━━━━━ Exercise materials ━━━━━
Let ltxx : forall i, ~ lt i i. Proof. by case: lt_wo. Qed.
Let lt_trans : forall i j k, lt i j -> lt j k -> lt i k.
Proof. by case: lt_wo => _ []. Qed.
Let lt_total : forall i j, lt i j \/ i = j \/ lt j i.
Proof. by case: lt_wo => _ [_ []]. Qed.
Let lt_wf : well_founded lt. Proof. by case: lt_wo => _ [_ []]. Qed.

Let le i j := lt i j \/ i = j.

Let le_lt_trans i j k : le i j -> lt j k -> lt i k.
Proof. by case=> [|->] //; apply: lt_trans. Qed.

Definition seg i := [set j | lt j i].

Lemma seg_sub {i j} : lt i j -> seg i `<=` seg j.
Proof. by move=> ij k /lt_trans; apply. Qed.

Definition least (d : K) (P : set K) : K :=
  if pselect (exists k, P k /\ forall j, P j -> ~ lt j k) is left h
  then projT1 (cid h) else d.

Lemma leastP d (P : set K) : P !=set0 ->
  P (least d P) /\ forall j, P j -> ~ lt j (least d P).
Proof.
move=> [k Pk]; rewrite /least; case: pselect => [h|nomin]; first by case: (cid h).
exfalso; elim/(well_founded_ind lt_wf): k Pk => k IH Pk.
apply: nomin; exists k; split=> // j Pj jk; exact: IH jk Pj.
Qed.

Definition pmax (p : K * K) : K := if pselect (lt p.1 p.2) then p.2 else p.1.

Lemma pmax_ge p : le p.1 (pmax p) /\ le p.2 (pmax p).
Proof.
rewrite /pmax; case: pselect => h; first by split; [left | right].
by split; [right | have [|[|]] := lt_total p.1 p.2; [|right|left]].
Qed.

Lemma pmax_or p : pmax p = p.1 \/ pmax p = p.2.
Proof. by rewrite /pmax; case: pselect; [right | left]. Qed.

Definition pair_lt (p q : K * K) : Prop :=
  lt (pmax p) (pmax q) \/
  (pmax p = pmax q /\ (lt p.1 q.1 \/ (p.1 = q.1 /\ lt p.2 q.2))).

Definition pair_seg (q : K * K) := [set p | pair_lt p q].

Lemma pair_lt_trans {p q r} : pair_lt p q -> pair_lt q r -> pair_lt p r.
Proof.
rewrite /pair_lt; case=> [pq|[-> pq]] [qr|[<- qr]];
  [left; exact: lt_trans qr | by left | by left |].
right; split=> //; case: pq qr => [pq|[-> pq]] [qr|[<- qr]];
  [left; exact: lt_trans qr | by left | by left | right; split=> //].
exact: lt_trans qr.
Qed.

Lemma pair_lt_total {p q} : p <> q -> pair_lt p q \/ pair_lt q p.
Proof.
move=> pq; have [|[e|]] := lt_total (pmax p) (pmax q); [by left; left | | by right; left].
have [|[e1|]] := lt_total p.1 q.1; [by left; right; split=> //; left | |].
  have [|[e2|]] := lt_total p.2 q.2; [by left; right; split=> //; right | |].
    by case: pq; case: p q e1 e2 {e} => ? ? [? ?] /= -> ->.
  by right; right; split=> //; right.
by right; right; split=> //; left.
Qed.

Lemma pair_lt_wf : well_founded pair_lt.
Proof.
suff acc m x y : pmax (x, y) = m -> Acc pair_lt (x, y) by move=> [x y]; exact: acc.
elim/(well_founded_ind lt_wf): m x y => m IHm.
elim/(well_founded_ind lt_wf) => x IHx; elim/(well_founded_ind lt_wf) => y IHy m_xy.
constructor=> -[x' y'] [|[e [|[/= ex' ?]]]]; rewrite ?m_xy.
- by move=> /IHm; apply.
- by move=> /IHx; apply; rewrite e.
- by subst x'; apply: IHy; rewrite // e.
Qed.

Lemma pair_seg_max {p q} : pair_lt p q -> le p.1 (pmax q) /\ le p.2 (pmax q).
Proof.
have [p1 p2] := pmax_ge p.
case=> [pq|[<- _]] //.
by split; left; [exact: le_lt_trans p1 pq | exact: le_lt_trans p2 pq].
Qed.

Lemma pair_seg_subX q : pair_seg q `<=`
  (seg (pmax q) `|` [set pmax q]) `*` (seg (pmax q) `|` [set pmax q]).
Proof. by move=> p /pair_seg_max[[?|?] [?|?]]; split; by [left | right]. Qed.

(* The least value not taken below w; the default w.1 of [least] is never
   used on the initial segments where pair_rank is studied. *)
Definition pair_rank : K * K -> K := Fix pair_lt_wf (fun _ => K)
  (fun w r => least w.1 (~` [set k | exists v (vw : pair_lt v w), r v vw = k])).

Lemma pair_rank_eq w : pair_rank w = least w.1 (~` (pair_rank @` pair_seg w)).
Proof.
rewrite /pair_rank Fix_eq => [|w' r r' rr']; congr least; apply/funext => k.
  by apply/propext; split=> nk [v]; [move=> vw rk | move=> [vw rk]];
     apply: nk; exists v.
by apply/propext; split=> nk [v [vw rk]]; apply: nk; exists v, vw; rewrite ?rr' // -rr'.
Qed.

Section SquareOfInitialSegment.
Context {M : set K} (M_down : forall a b, M b -> lt a b -> M a)
  (M_big : forall w, M w.1 -> M w.2 -> ~ (M #<= pair_seg w)).

Lemma pair_rank_seg {w} : M w.1 -> M w.2 ->
  M (pair_rank w) /\ pair_rank @` pair_seg w = seg (pair_rank w).
Proof.
elim/(well_founded_ind pair_lt_wf): w => w IH Mw1 Mw2.
have M_le a : le a (pmax w) -> M a.
  have Mmax : M (pmax w) by case: (pmax_or w) => ->.
  by case=> [/(M_down _ _ Mmax) | ->].
have {}IH v : pair_lt v w ->
    M (pair_rank v) /\ pair_rank @` pair_seg v = seg (pair_rank v).
  by move=> vw; have [/M_le ? /M_le ?] := pair_seg_max vw; exact: IH.
set D := pair_rank @` pair_seg w.
have D_down a b : D b -> lt a b -> D a.
  move=> [v vw <-] av; have : seg (pair_rank v) a by [].
  rewrite -(proj2 (IH v vw)) => -[u uv <-].
  by exists u => //; apply: pair_lt_trans uv vw.
have [e Me De] : exists2 e, M e & ~ D e.
  apply: contrapT => MD; apply: (M_big _ Mw1 Mw2).
  apply: card_le_trans (card_image_le pair_rank (pair_seg w)).
  by apply: subset_card_le => a Ma; apply: contrapT => Da; apply: MD; exists a.
have [Dr Dr_min] := leastP w.1 _ (ex_intro (~` D) e De).
rewrite -pair_rank_eq in Dr Dr_min; split.
  have [|[->|/(Dr_min e De)]] // := lt_total (pair_rank w) e; exact: M_down.
apply/seteqP; split=> k; last by move=> kr; apply: contrapT => /Dr_min; apply.
move=> Dk; have [//|[ek|rk]] := lt_total k (pair_rank w); case: Dr.
  by rewrite -ek.
exact: D_down Dk rk.
Qed.

Lemma card_square_le_of_pair_segs : M `*` M #<= M.
Proof.
have rank_lt v w : M w.1 -> M w.2 -> pair_lt v w -> lt (pair_rank v) (pair_rank w).
  move=> Mw1 Mw2 vw; suff : seg (pair_rank w) (pair_rank v) by [].
  by have [_ <-] := pair_rank_seg Mw1 Mw2; exists v.
apply: (card_le_inj pair_rank).
  by move=> w [Mw1 Mw2]; case: (pair_rank_seg Mw1 Mw2).
move=> w w' /set_mem[Mw1 Mw2] /set_mem[Mw1' Mw2'] ww'; apply: contrapT => /pair_lt_total.
by case=> [/(rank_lt _ _ Mw1' Mw2') | /(rank_lt _ _ Mw1 Mw2)]; rewrite ww'; apply: ltxx.
Qed.

End SquareOfInitialSegment.

Lemma pair_seg_card_le {w} : finite_or_square_le (seg (pmax w)) ->
  finite_set (pair_seg w) \/ pair_seg w #<= seg (pmax w).
Proof.
set c := pmax w => c_sq.
have [c_fin|c_inf] := pselect (finite_set (seg c)).
  left; apply: sub_finite_set (pair_seg_subX w) _.
  by apply: finite_setX; rewrite finite_setU; split=> //; exact: finite_set1.
right; apply: card_le_trans (subset_card_le (pair_seg_subX w)) _.
have sq : seg c `*` seg c #<= seg c by case: c_sq.
have c1 := card_setU1_le c c_inf sq.
exact: card_le_trans (card_le_setX c1 c1) sq.
Qed.

Lemma card_square_le_of_cardinal M :
  (forall a b, M b -> lt a b -> M a) -> infinite_set M ->
  (forall c, M c -> finite_or_square_le (seg c) /\ ~ (M #<= seg c)) ->
  M `*` M #<= M.
Proof.
move=> M_down M_inf M_card; apply: (card_square_le_of_pair_segs M_down) => w Mw1 Mw2 Mw.
have Mc : M (pmax w) by case: (pmax_or w) => ->.
have [c_sq M_c] := M_card _ Mc.
case: (pair_seg_card_le c_sq) => [w_fin | w_le].
  by apply: M_inf; exact: card_le_finite Mw w_fin.
by apply: M_c; exact: card_le_trans Mw w_le.
Qed.

Lemma seg_finite_or_square_le c : finite_or_square_le (seg c).
Proof.
elim/(well_founded_ind lt_wf): c => m IH.
have [|m_inf] := pselect (finite_set (seg m)); [by left | right].
have [[c cm mc]|m_card] := pselect (exists2 c, lt c m & seg m #<= seg c).
  have [c_fin|c_sq] := IH c cm.
    by case: m_inf; exact: card_le_finite mc c_fin.
  apply: card_le_trans (card_le_setX mc mc) _; apply: card_le_trans c_sq _.
  exact/subset_card_le/seg_sub.
(* no smaller segment is as large as seg m, i.e. m is a cardinal *)
apply: card_square_le_of_cardinal => // [a b bm ab | c cm]; first exact: lt_trans ab bm.
by split; [exact: IH | move=> mc; apply: m_card; exists c].
Qed.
━━━━━
What to do -> Using the entries above, give again exactly the lines from the line holding "by rewrite -ek." through the line holding "End SquareOfInitialSegment.". Include both end lines and nothing else.

Your response ->
  by rewrite -ek.
exact: D_down Dk rk.
Qed.

Lemma card_square_le_of_pair_segs : M `*` M #<= M.
Proof.
have rank_lt v w : M w.1 -> M w.2 -> pair_lt v w -> lt (pair_rank v) (pair_rank w).
  move=> Mw1 Mw2 vw; suff : seg (pair_rank w) (pair_rank v) by [].
  by have [_ <-] := pair_rank_seg Mw1 Mw2; exists v.
apply: (card_le_inj pair_rank).
  by move=> w [Mw1 Mw2]; case: (pair_rank_seg Mw1 Mw2).
move=> w w' /set_mem[Mw1 Mw2] /set_mem[Mw1' Mw2'] ww'; apply: contrapT => /pair_lt_total.
by case=> [/(rank_lt _ _ Mw1' Mw2') | /(rank_lt _ _ Mw1 Mw2)]; rewrite ww'; apply: ltxx.
Qed.

End SquareOfInitialSegment.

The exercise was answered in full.